── INPUT RECORDS ──

(* Let $a>1$ and $C_j(n,a)=\binom{n}{j}\left(\frac{1+a}{2}\right)^{n-j}\left(\frac{1-a}{2}\right)^j$. Then for every $z\in\mathbb{C}$, $$\lim_{n\to\infty}\sum_{j=0}^nC_j(n,a)\,e^{\frac{iz}{\sqrt2}(1-2j/n)-\frac14(1-2j/n)^2}=e^{\frac{iza}{\sqrt2}-\frac{a^2}{4}},$$ equivalently $\lim_{n\to\infty}\sum_{j=0}^nC_j(n,a)k_{b_j}(z)=k_{-ia/\sqrt2}(z)$ where $b_j=-\frac{i}{\sqrt2}(1-\frac{2j}{n})$.
   Context: For $w\in\mathbb{C}$, $k_w(z)=e^{z\overline{w}-|w|^2/2}$ denotes the normalized reproducing kernel of the Fock space. *)

From Stdlib Require Import Reals.
From Coquelicot Require Import Coquelicot.
Open Scope R_scope.

Definition cexp (w : C) : C :=
  (exp (Re w) * cos (Im w), exp (Re w) * sin (Im w)).

Definition Cjna (j n : nat) (a : R) : R :=
  Binomial.C n j * ((1 + a) / 2) ^ (n - j) * ((1 - a) / 2) ^ j.

Definition tjn (j n : nat) : R := 1 - 2 * INR j / INR n.

Definition term (z : C) (j n : nat) : C :=
  cexp (Cplus (Cmult (Cmult Ci z) (RtoC (tjn j n / sqrt 2)))
              (RtoC (- (tjn j n) ^ 2 / 4))).

Definition Ssum (a : R) (z : C) (n : nat) : C :=
  sum_n (fun j => Cmult (RtoC (Cjna j n a)) (term z j n)) n.

From Stdlib Require Import Reals Lra Lia.
From Coquelicot Require Import Coquelicot.
Open Scope R_scope.

(* Read C_j(n,a) as the law of a sum of n independent steps, 1 - a with weight (1+a)/2
   and -1 - a with weight (1-a)/2; then t_j - a is that sum divided by n.  The steps
   have mean zero, although for a > 1 the weights are not probabilities.  Expanding an
   entire function g around a turns sum_j C_j(n,a) g(t_j) into sum_k d_k m_k(n) / n^k,
   with m_k(n) the k-th moment of the walk.  A recurrence in n gives |m_k(n)| <= (c n)^k
   and, thanks to the zero mean, |m_k(n)| <= (2c)^k n^(k-1) for k >= 1: the normalized
   moments are bounded by (2c)^k and tend to 0 for k >= 1, so Tannery's theorem yields
   the limit d_0 = g(a).  Real and imaginary parts of the summand are entire in t. *)

Lemma CV_radius_infinite (d : nat -> R) :
  (forall x, ex_pseries d x) -> CV_radius d = p_infty.
Proof.
  intros Hd.
  destruct (CV_radius d) as [r | | ] eqn:Er.
  - exfalso. apply (CV_disk_outside d (Rabs r + 1)).
    + rewrite Er. simpl. rewrite Rabs_pos_eq by (pose proof (Rabs_pos r); lra).
      pose proof (Rle_abs r). lra.
    + apply ex_series_lim_0. destruct (Hd (Rabs r + 1)) as [l Hl].
      exists l. apply is_pseries_R, Hl.
  - reflexivity.
  - pose proof (CV_radius_ge_0 d) as H0. rewrite Er in H0. contradiction.
Qed.

Definition entire (g : R -> R) : Prop :=
  exists d : nat -> R, forall x, is_pseries d x (g x).

Lemma entire_pseries (g : R -> R) :
  entire g -> exists d, CV_radius d = p_infty /\ forall x, is_pseries d x (g x).
Proof.
  intros [d Hd]. exists d. split; [|exact Hd].
  apply CV_radius_infinite. intros x. exists (g x). apply Hd.
Qed.

Lemma entire_ext (g h : R -> R) : (forall x, g x = h x) -> entire g -> entire h.
Proof. intros E [d Hd]. exists d. intros x. rewrite <- E. apply Hd. Qed.

Lemma entire_plus (g h : R -> R) : entire g -> entire h -> entire (fun x => g x + h x).
Proof.
  intros [d Hd] [e He]. exists (PS_plus d e). intros x.
  apply (is_pseries_plus d e x (g x) (h x)); auto.
Qed.

Lemma entire_mult (g h : R -> R) : entire g -> entire h -> entire (fun x => g x * h x).
Proof.
  intros Hg Hh.
  destruct (entire_pseries g Hg) as [d [Rd Hd]], (entire_pseries h Hh) as [e [Re He]].
  exists (PS_mult d e). intros x.
  apply is_pseries_mult; auto; [rewrite Rd | rewrite Re]; exact I.
Qed.

Lemma entire_scal (c : R) (g : R -> R) : entire g -> entire (fun x => c * g x).
Proof.
  intros [d Hd]. exists (PS_scal c d). intros x.
  apply (is_pseries_scal c d x (g x)); [apply Rmult_comm | apply Hd].
Qed.

Lemma entire_comp_scal (c : R) (g : R -> R) : entire g -> entire (fun x => g (c * x)).
Proof.
  intros [d Hd]. exists (fun n => d n * c ^ n). intros x.
  apply is_pseries_R. eapply is_series_ext; [|exact (proj1 (is_pseries_R _ _ _) (Hd (c * x)))].
  intros n. simpl. rewrite Rpow_mult_distr. ring.
Qed.

Definition interleave (e o : nat -> R) (n : nat) : R :=
  if Nat.even n then e (Nat.div2 n) else o (Nat.div2 n).

Lemma is_pseries_interleave (e o : nat -> R) (x le lo : R) :
  is_pseries e (x ^ 2) le -> is_pseries o (x ^ 2) lo ->
  is_pseries (interleave e o) x (le + x * lo).
Proof.
  intros He Ho. apply is_pseries_odd_even.
  - eapply is_pseries_ext; [|exact He]. intros n.
    unfold interleave. rewrite Nat.div2_double, Nat.even_mul. reflexivity.
  - eapply is_pseries_ext; [|exact Ho]. intros n.
    unfold interleave. rewrite Nat.div2_odd', Nat.even_add, Nat.even_mul. reflexivity.
Qed.

Lemma is_pseries_zero (x : R) : is_pseries (fun _ => 0) x 0.
Proof.
  apply is_pseries_R. unfold is_series.
  apply filterlim_ext with (f := fun _ => 0); [|apply filterlim_const].
  intros n. rewrite sum_n_Reals.
  induction n as [|n IH]; simpl; [|rewrite <- IH]; ring.
Qed.

Lemma entire_comp_sqr (g : R -> R) : entire g -> entire (fun x => g (x ^ 2)).
Proof.
  intros [d Hd]. exists (interleave d (fun _ => 0)). intros x.
  replace (g (x ^ 2)) with (g (x ^ 2) + x * 0) by ring.
  apply is_pseries_interleave; [apply Hd | apply is_pseries_zero].
Qed.

Lemma entire_exp : entire exp.
Proof. exists (fun n => / INR (Factorial.fact n)). apply is_exp_Reals. Qed.

Lemma entire_cos : entire cos.
Proof.
  exists (interleave cos_n (fun _ => 0)). intros x.
  replace (cos x) with (cos x + x * 0) by ring.
  apply is_pseries_interleave; [|apply is_pseries_zero].
  unfold cos. destruct (exist_cos (Rsqr x)) as [l Hl].
  apply is_pseries_Reals. rewrite <- Rsqr_pow2. exact Hl.
Qed.

Lemma entire_sin : entire sin.
Proof.
  exists (interleave (fun _ => 0) sin_n). intros x.
  replace (sin x) with (0 + sin x) by ring.
  unfold sin. destruct (exist_sin (Rsqr x)) as [l Hl].
  apply is_pseries_interleave; [apply is_pseries_zero|].
  apply is_pseries_Reals. rewrite <- Rsqr_pow2. exact Hl.
Qed.

Lemma entire_exp_quadratic (c0 c1 c2 : R) :
  entire (fun x => exp (c0 + c1 * x + c2 * x ^ 2)).
Proof.
  apply entire_ext with (g := fun x => exp c0 * (exp (c1 * x) * exp (c2 * x ^ 2))).
  { intros x. rewrite !exp_plus. ring. }
  apply entire_scal, entire_mult.
  - apply entire_comp_scal, entire_exp.
  - apply (entire_comp_sqr (fun y => exp (c2 * y))), entire_comp_scal, entire_exp.
Qed.

Lemma entire_cos_affine (c0 c1 : R) : entire (fun x => cos (c0 + c1 * x)).
Proof.
  apply entire_ext with (g := fun x => cos c0 * cos (c1 * x) + - sin c0 * sin (c1 * x)).
  { intros x. rewrite cos_plus. ring. }
  apply entire_plus; apply entire_scal, entire_comp_scal; [apply entire_cos | apply entire_sin].
Qed.

Lemma entire_sin_affine (c0 c1 : R) : entire (fun x => sin (c0 + c1 * x)).
Proof.
  apply entire_ext with (g := fun x => sin c0 * cos (c1 * x) + cos c0 * sin (c1 * x)).
  { intros x. rewrite sin_plus. ring. }
  apply entire_plus; apply entire_scal, entire_comp_scal; [apply entire_cos | apply entire_sin].
Qed.

Lemma sum_binomial (n : nat) : sum_f_R0 (fun i => Binomial.C n i) n = 2 ^ n.
Proof.
  replace 2 with (1 + 1) by ring. rewrite binomial.
  apply sum_eq. intros. rewrite !pow1. ring.
Qed.

Lemma binomial_ge0 (n k : nat) : 0 <= Binomial.C n k.
Proof.
  unfold Binomial.C. apply Rle_mult_inv_pos; [apply pos_INR|].
  apply Rmult_lt_0_compat; apply INR_fact_lt_0.
Qed.

Lemma sum_binomial_pascal (A : nat -> R) (m : nat) :
  sum_f_R0 (fun j => Binomial.C (S m) j * A j) (S m) =
  sum_f_R0 (fun j => Binomial.C m j * A j) m +
  sum_f_R0 (fun j => Binomial.C m j * A (S j)) m.
Proof.
  destruct m as [|m].
  - simpl. rewrite !C_n_0, C_n_n. ring.
  - rewrite (decomp_sum (fun j => Binomial.C (S (S m)) j * A j)) by lia. simpl pred.
    rewrite tech5, (decomp_sum (fun j => Binomial.C (S m) j * A j)) by lia. simpl pred.
    rewrite (tech5 (fun j => Binomial.C (S m) j * A (S j))).
    rewrite !C_n_0, !C_n_n.
    rewrite (sum_eq (fun i => Binomial.C (S (S m)) (S i) * A (S i))
                    (fun i => Binomial.C (S m) i * A (S i) + Binomial.C (S m) (S i) * A (S i)))
      by (intros i Hi; rewrite <- pascal by lia; ring).
    rewrite plus_sum. ring.
Qed.

Lemma sum_f_R0_switch (G : nat -> nat -> R) (m k : nat) :
  sum_f_R0 (fun j => sum_f_R0 (G j) k) m =
  sum_f_R0 (fun i => sum_f_R0 (fun j => G j i) m) k.
Proof.
  rewrite <- !sum_n_Reals.
  rewrite (sum_n_ext _ (fun j => sum_n (G j) k)) by (intros; symmetry; apply sum_n_Reals).
  rewrite sum_n_switch. apply sum_n_ext. intros. apply sum_n_Reals.
Qed.

Section SignedWalk.

(* p and q need not be nonnegative: this is a signed binomial law. *)
Variables p q u v : R.
Hypothesis p_plus_q : p + q = 1.
Hypothesis step_centered : p * u + q * v = 0.

Definition walk_weight (m j : nat) : R := Binomial.C m j * p ^ (m - j) * q ^ j.
Definition walk_pos (m j : nat) : R := (INR m - INR j) * u + INR j * v.
Definition walk_moment (m k : nat) : R :=
  sum_f_R0 (fun j => walk_weight m j * walk_pos m j ^ k) m.
Definition step_moment (i : nat) : R := p * u ^ i + q * v ^ i.
Definition step_bound : R := (Rabs p + Rabs q) * Rmax (Rabs u) (Rabs v).

Lemma walk_sum_succ (phi : R -> R) (m : nat) :
  sum_f_R0 (fun j => walk_weight (S m) j * phi (walk_pos (S m) j)) (S m) =
  sum_f_R0 (fun j => walk_weight m j *
                     (p * phi (walk_pos m j + u) + q * phi (walk_pos m j + v))) m.
Proof.
  unfold walk_weight.
  rewrite (sum_eq _ (fun j => Binomial.C (S m) j *
             (p ^ (S m - j) * q ^ j * phi (walk_pos (S m) j)))) by (intros; ring).
  rewrite sum_binomial_pascal, <- plus_sum. apply sum_eq. intros j Hj.
  replace (S m - j)%nat with (S (m - j)) by lia. replace (S m - S j)%nat with (m - j)%nat by lia.
  replace (walk_pos (S m) j) with (walk_pos m j + u)
    by (unfold walk_pos; rewrite S_INR; ring).
  replace (walk_pos (S m) (S j)) with (walk_pos m j + v)
    by (unfold walk_pos; rewrite !S_INR; ring).
  simpl. ring.
Qed.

───

INSTRUCTIONS TO FOLLOW:
One figure is all that is needed: the number of lines above in which the word "simpl" appears.

EXPECTED OUTPUT:
7